Ireland moves to decriminalize drugs for personal use
Ireland’s National Drugs Safety minister Aodhán Ó Ríordáin has expressed his plans to decriminalize personal use of marijuana, cocaine, and heroin within the next year. While it will still remain a crime in Ireland to sell, distribute, or profit from illegal substances, the radical plans are designed to remove the stigma surrounding drug addiction and make treatment more accessible for those who seek it.
“I am firmly of the view there needs to be a cultural shift in how we regard substance misuse if we are to break this cycle and make a serious attempt to tackle drug and alcohol addiction,” Ríordáin told The Irish Times. “Research has shown that the use of supervised injecting centers is associated with self-reported reductions in injecting risk behaviors.”
The new plan would also attempt to reshape societal views on drug addicts as sick, rather than criminals. “Too often those with drug problems suffer from stigma, due to a lack of understanding or public education about the nature of addiction,” he continues. “This stigma can be compounded for those who end up with a criminal record due to possession of drugs for their own use.”
Ireland’s first injection centers will open in Dublin in early 2016, and gradually roll out across the country in Cork, Galway, and Limerick.

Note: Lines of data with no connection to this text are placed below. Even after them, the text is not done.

(* Pairing a column dependency [z] with the polynomial vanishing at the other
   selected points of the block of [f i0] isolates the coefficient [z 0 i0]. *)
Lemma rank_block_vdm_colsub k (f : 'I_k -> 'I_n) : injective f ->
  (forall i0, #|[set i | f i %/ m == f i0 %/ m]| <= r)%N ->
  \rank (colsub f block_vdm) = k.
Proof.
move=> f_inj block_le; rewrite -mxrank_tr; apply/eqP/inj_row_free => z z0.
apply/rowP => i0; rewrite mxE; set b := (f i0 %/ m)%N.
pose others := [set i | (f i %/ m == b)%N] :\ i0.
pose L := \prod_(a <- [seq alpha (f i) | i <- enum others]) ('X - a%:P).
have root_L i : root L (alpha (f i)) = (i \in others).
  by rewrite root_prod_XsubC (mem_map (inj_comp alpha_inj f_inj)) mem_enum.
have size_L : (size L <= r)%N.
  rewrite size_prod_XsubC size_map -cardE.
  by have := block_le i0; rewrite (cardsD1 i0) inE eqxx.
have := block_vdm_colsub_horner z0 size_L (block_lt m_gt0 nE (f i0)).
rewrite (bigD1 i0) //= big1 => [|i /andP[ib ii0]]; last first.
  by apply/eqP; rewrite mulf_eq0 -rootE root_L !inE ii0 ib orbT.
by rewrite addr0 => /eqP; rewrite mulf_eq0 -rootE root_L !inE eqxx orbF => /eqP.
Qed.

Lemma exists_block_vdm_colsub_rank k s (Z : {set 'I_n}) :
  (k <= s.+1 * r)%N -> (k + s * (m - r) <= #|Z|)%N ->
  exists2 f : 'I_k -> 'I_n, forall i, f i \in Z & \rank (colsub f block_vdm) = k.
Proof.
move=> k_le Z_ge.
have [T [TZ Tk T_le]] := exists_block_bounded_subset m_gt0 nE k_le Z_ge.
pose f (i : 'I_k) := enum_val (cast_ord (esym Tk) i).
have f_inj : injective f by move=> i i' /enum_val_inj/cast_ord_inj.
exists f => [i|]; first exact: subsetP TZ _ (enum_valP _).
apply: (rank_block_vdm_colsub f_inj) => i0.
apply: leq_trans (T_le (Ordinal (block_lt m_gt0 nE (f i0)))).
rewrite -(card_imset _ f_inj) subset_leq_card //.
apply/subsetP => j /imsetP[i]; rewrite !inE => /eqP bi ->.
by rewrite bi eqxx andbT enum_valP.
Qed.

End BlockVandermonde.

Section BlockCode.
Variables (F : fieldType) (n m t r k : nat) (alpha : 'I_n -> F).
Variable A : 'M[F]_(k, t * r).
Hypotheses (alpha_inj : injective alpha) (m_gt0 : 0 < m) (nE : n = t * m).
Local Open Scope ring_scope.
Local Notation B := (block_vdm m t r alpha).
Local Notation G := (A *m B).
Hypothesis A_generic :
  forall f : 'I_k -> 'I_n, \rank (colsub f B) = k -> \rank (colsub f G) = k.

Lemma block_code_locality : all_symbol_locality G r (m + 1 - r).
Proof.
move=> i; exists [set j : 'I_n | (j %/ m == i %/ m)%N]; split.
- by rewrite inE.
- by rewrite (card_block m_gt0 nE); lia.
move=> _ /submxP[x ->] [j]; rewrite inE mulmxA => /eqP ji cj.
by have := block_vdm_wt_on alpha_inj m_gt0 nE cj; rewrite ji.
Qed.

Lemma block_code_wt_ge s x :
  (k <= s.+1 * r)%N -> x *m G != 0 -> (n + 1 - k - s * (m - r) <= wt (x *m G))%N.
Proof.
move=> k_le xG0; rewrite leqNgt; apply/negP => wt_lt.
pose Z := [set j | (x *m G) 0 j == 0].
have Z_ge : (k + s * (m - r) <= #|Z|)%N.
  have := cardsC Z; rewrite card_ord (_ : #|~: Z| = wt (x *m G)).
    by nia.
  by apply: eq_card => j; rewrite !inE.
have [f fZ rank_f] := exists_block_vdm_colsub_rank alpha_inj m_gt0 nE k_le Z_ge.
have free_f : row_free (colsub f G) by rewrite /row_free A_generic.
move/negP: xG0; apply; apply/eqP.
suff -> : x = 0 by rewrite mul0mx.
apply: (row_free_inj free_f); rewrite mul0mx mulmx_colsub; apply/rowP => i.
by rewrite [LHS]mxE [RHS]mxE; apply/eqP; have := fZ i; rewrite inE.
Qed.

(* [x] solves k - 1 homogeneous equations: the s r coordinates of [x *m A]
   feeding the first s blocks, and k - 1 - s r coordinates of [x *m G] in
   block s. *)
Lemma block_code_vanishing s :
  (r <= m)%N -> (s * r < k)%N -> (k <= s.+1 * r)%N -> (k + s * (m - r) <= n)%N ->
  exists2 x : 'rV[F]_k, x != 0 &
    forall j : 'I_n, (j < s * m + (k.-1 - s * r))%N -> (x *m G) 0 j = 0.
Proof.
move=> le_rm lt_srk k_le le_kn.
have r_gt0 : (0 < r)%N by move: k_le; rewrite mulSn; lia.
have sm_eq : (s * m = s * r + s * (m - r))%N by rewrite -mulnDr subnKC.
have le_st : (s <= t)%N by rewrite -(leq_pmul2r m_gt0) -nE sm_eq; nia.
have lt_A (rho : 'I_(s * r)) : (rho < t * r)%N.
  exact: leq_trans (ltn_ord rho) (leq_mul le_st (leqnn r)).
have lt_ext (l : 'I_(k.-1 - s * r)) : (s * m + l < n)%N.
  by have := ltn_ord l; rewrite sm_eq; nia.
pose C := row_mx (colsub (fun rho => Ordinal (lt_A rho)) A)
                 (colsub (fun l => Ordinal (lt_ext l)) G).
have /rowV0Pn[x /sub_kermxP xC0 x_neq0] : kermx C != 0.
  rewrite -mxrank_eq0 mxrank_ker subn_eq0 -ltnNge.
  by apply: leq_ltn_trans (rank_leq_col C) _; lia.
exists x => // j lt_jN.
move: xC0; rewrite mul_mx_row !mulmx_colsub => /eqP.
rewrite row_mx_eq0 => /andP[/eqP/rowP xA0 /eqP/rowP xG0].
case: (ltnP j (s * m)) => [lt_jsm|le_smj].
  rewrite mulmxA block_vdm_mul /block_poly big1 ?horner0 // => rho /eqP rho_j.
  have lt_rho : (rho < s * r)%N by rewrite -ltn_divLR // rho_j ltn_divLR.
  have -> : rho = Ordinal (lt_A (Ordinal lt_rho)) by apply: val_inj.
  by have := xA0 (Ordinal lt_rho); rewrite [LHS]mxE [RHS]mxE => ->; rewrite scale0r.
have lt_l : (j - s * m < k.-1 - s * r)%N by lia.
have -> : j = Ordinal (lt_ext (Ordinal lt_l)) by apply: val_inj; rewrite /= subnKC.
by have := xG0 (Ordinal lt_l); rewrite [LHS]mxE [RHS]mxE.
Qed.

Lemma block_code_row_free s :
  (k <= s.+1 * r)%N -> (k + s * (m - r) <= n)%N -> row_free G.
Proof.
move=> k_le le_kn; have Z_ge : (k + s * (m - r) <= #|[set: 'I_n]|)%N.
  by rewrite cardsT card_ord.
have [f _] := exists_block_vdm_colsub_rank alpha_inj m_gt0 nE k_le Z_ge.
by move/A_generic/eqP/row_free_colsub.
Qed.

Lemma block_code_min_dist s : (r <= m)%N -> (s * r < k)%N -> (k <= s.+1 * r)%N ->
  (k + s * (m - r) <= n)%N -> min_dist_eq G (n + 1 - k - s * (m - r)).
Proof.
move=> le_rm lt_srk k_le le_kn; split; last first.
  by move=> _ /submxP[y ->]; apply: block_code_wt_ge.
have [x x_neq0 x_van] := block_code_vanishing le_rm lt_srk k_le le_kn.
have xG_neq0 : x *m G != 0.
  apply: contra x_neq0 => /eqP xG0; apply/eqP.
  by apply: (row_free_inj (block_code_row_free k_le le_kn)); rewrite xG0 mul0mx.
exists (x *m G); split; first exact: submxMl.
split => //; apply/eqP; rewrite eqn_leq block_code_wt_ge // andbT.
have [le_Nn N_eq] : (s * m + (k.-1 - s * r) <= n)%N /\
    (n - (s * m + (k.-1 - s * r)) = n + 1 - k - s * (m - r))%N.
  rewrite (_ : s * m = s * r + s * (m - r))%N; last by rewrite -mulnDr subnKC.
  nia.
by rewrite -N_eq wt_leq_vanish.
Qed.

End BlockCode.

Theorem theorem5 (n k r delta : nat) (q : nat) (F : finFieldType) :
  (0 < n)%N -> (0 < k)%N -> (0 < r)%N -> (0 < delta)%N ->
  (r + delta - 1 %| n)%N ->
  (delta <= (n + 1 - k) - (ceil_div k r - 1) * (delta - 1))%N ->
  #|F| = q -> (k * n ^ k < q)%N ->
  exists G : 'M[F]_(k, n),
    \rank G = k /\
    min_dist_eq G ((n + 1 - k) - (ceil_div k r - 1) * (delta - 1))%N /\
    all_symbol_locality G r delta.
Proof.
move=> n_gt0 k_gt0 r_gt0 delta_gt0 m_dvd_n d_ge <- lt_q.
set m := r + delta - 1 in m_dvd_n; set s := ceil_div k r - 1.
have nE : n = n %/ m * m by rewrite divnK.
have m_gt0 : 0 < m by rewrite /m; lia.
have le_rm : r <= m by rewrite /m; lia.
have m_r : delta - 1 = m - r by rewrite /m; lia.
have [lt_srk k_le] := andP (ceil_div_bounds k_gt0 r_gt0).
rewrite m_r -/s in d_ge *.
have le_kn : k + s * (m - r) <= n by nia.
have lt_nkF : n ^ k < #|F| by apply: leq_ltn_trans lt_q; rewrite leq_pmull.
have le_nF : n <= #|F|.
  by apply/ltnW/(leq_ltn_trans _ lt_nkF); rewrite -{1}(expn1 n) leq_pexp2l.
have [alpha alpha_inj] := exists_inj_ord le_nF.
have [A A_generic] := exists_mulmx_colsub_rank (block_vdm m (n %/ m) r alpha) lt_nkF.
exists (A *m block_vdm m (n %/ m) r alpha)%R; split.
  exact/eqP/(block_code_row_free alpha_inj m_gt0 nE A_generic k_le le_kn).
split; first exact: block_code_min_dist.
by rewrite (_ : delta = m + 1 - r); [apply: block_code_locality | lia].
Qed.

The centers will be “clinically-controlled environments” that will prevent addicts from getting caught up in the criminal justice system. To help with initial implementation technicalities, the Irish government has been in talks with the Portuguese government, who decriminalized all drugs in 2001. There has been an overall drop in drug usage in Portugal ever since.
Ríordáin’s proposal arrives just days after more than 500 attendees were arrested at two Halloween weekend festivals in Los Angeles, primarily on drug charges. For the rising number of Americans calling for sensible drug policy reform, Ireland may prove yet another example of the benefits of decriminalization.